After seeing so many downfalls, and having so many examples to learn from, one must beg to ask Ken Shamrock, Why?

Coming of the heels of another big "Why" in Alex Rodriguez and his stint with steroids, many are wondering the same with Ken Shamrock. Both are regarded as one of the best in history in there profession. However, unlike Rodriguez, Shamrock is at the end of his storied and prolific career. Some may argue that Shamrock's career is indeed overdue for retirement, nonetheless, his choice of timing to dabble with the devil's drugs has the entire mixed martial arts world baffled.

Shamrock, known as one of the founding fighters of the UFC, and one of the greatest to ever grace the sport, had a legacy that would have been incomparable. Unlike other sports which have decades of history and thousands of players, mixed martial arts is currently seeing its rise from fad, to phenomenon, to mainstream, and Shamrock would have, and could have been the catalyst for that growth.

Shamrock could have fought until he retired, enjoyed the big send off, and stay involved through training and the mentoring of future fighters.

Shamrock could have been the Babe Ruth of mixed martial arts.

It's a moniker he's earned. One he deserves.

Despite the instinct and urge of every fighter to continue competing late into their careers such as, Frazier, Ali, and Foreman, they were always remembered for their contributions, greatness, and most of all, their heart. It's understandable, once a fighter, always a fighter. For in the twilight of their careers, they walked that fine line between selfishness and respect.

Shamrock crossed that line. In result, he might be forced out of the sport he helped build in a shameful way.

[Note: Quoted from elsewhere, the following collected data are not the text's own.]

(* Fix an integer $c\ge1$, let $A=\mathbb{K}[x_ix_j: i,j\in\mathbb{N},\ i\le j\le i+c]\subseteq\mathbb{K}[x_i: i\in\mathbb{N}]$, and let $\varphi:\mathbb{K}[x_{i,j}: i\in[c+1], j\in\mathbb{N}]\to A$ be the surjective $\mathbb{K}$-algebra homomorphism with $x_{i,j}\mapsto x_jx_{i+j-1}$. Then the presentation ideal $I=\ker\varphi$ is finitely generated up to shifting by quadrics, i.e. there is a finite set $F$ of quadratic polynomials in $I$ such that $\{\operatorname{sh}_k(f): f\in F, k\in\mathbb{N}_0\}$ generates $I$.
   Context: $\mathbb{K}$ is a field; $\operatorname{sh}_k$ is the ring endomorphism of $\mathbb{K}[x_{i,j}: i\in[c+1],j\in\mathbb{N}]$ with $x_{i,j}\mapsto x_{i,j+k}$ (so that $\varphi$ commutes with the shift $x_i\mapsto x_{i+k}$). *)

From HB Require Import structures.
From mathcomp Require Import all_boot all_algebra.
From mathcomp Require Import finmap.
From mathcomp.multinomials Require Import monalg.

Set Implicit Arguments.
Unset Strict Implicit.
Unset Printing Implicit Defensive.

Import GRing.Theory.
Local Open Scope ring_scope.

Definition polyR (K : fieldType) (I : choiceType) := {malg K[{cmonom I}]}.

Definition var (K : fieldType) (I : choiceType) (i : I) : polyR K I :=
  << ucm i >>.

Definition subst (K : fieldType) (I J : choiceType) (v : I -> polyR K J)
    (g : polyR K I) : polyR K J :=
  \sum_(m <- msupp g) g@_m *: \prod_(i <- finsupp m) v i ^+ m i.

(* Source variables x_{i,j}, i in [c+1], j in N, indexed 0-based:
   (i, j) : 'I_(c+1) * nat stands for x_{i+1, j+1}. Target variables x_j,
   j in N, 0-based: j : nat stands for x_{j+1}. *)
Definition src (K : fieldType) (c : nat) := polyR K (prod 'I_c.+1 nat).
Definition tgt (K : fieldType) := polyR K nat.

(* phi : x_{i,j} |-> x_j x_{i+j-1}  (1-based), i.e. (0-based)
   (i, j) |-> x_j * x_{i+j}. Its image is A; we view it as a map into the
   full polynomial ring K[x_i], which has the same kernel. *)
Definition phi (K : fieldType) (c : nat) (g : src K c) : tgt K :=
  subst (fun p : 'I_c.+1 * nat => var K p.2 * var K (p.1 + p.2)%N) g.

Definition sh (K : fieldType) (c : nat) (k : nat) (g : src K c) : src K c :=
  subst (fun p : 'I_c.+1 * nat => var K (p.1, (p.2 + k)%N)) g.

Definition is_quadric (K : fieldType) (I : choiceType) (f : polyR K I) :=
  forall m, m \in msupp f -> mdeg m = 2%N.

Definition in_ideal_gen (K : fieldType) (I : choiceType)
    (S : polyR K I -> Prop) (g : polyR K I) :=
  exists s : seq (polyR K I * polyR K I),
    (forall p, p \in s -> S p.2) /\ g = \sum_(p <- s) p.1 * p.2.

From HB Require Import structures.
From mathcomp Require Import all_boot all_algebra.
From mathcomp Require Import finmap.
From mathcomp.multinomials Require Import monalg.
From mathcomp Require Import zify.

In an interview with MMA Nation, Frank Shamrock, Ken's brother and fellow historic fighter made the following statements regarding his brother:

"You can tell he's cashing checks. He's not bearing his soul, he's cashing checks. Fighting is a lot of ego, and that's okay. But you got to walk a fine line between what's ego and what's reality. And Ken's ego unfortunately passed way into his reality and now it is his reality. I'm 36, I'm pretty broken and I see the end coming. Ken doesn't see the end and it's just silly"

So, once again, why?

He's desperate to hold on? Okay.

Shamrock used steroids, and lost his entire legacy in an attempt to win one last last fight.

The better question to Shamrock and all steroid users might be, is it worth it?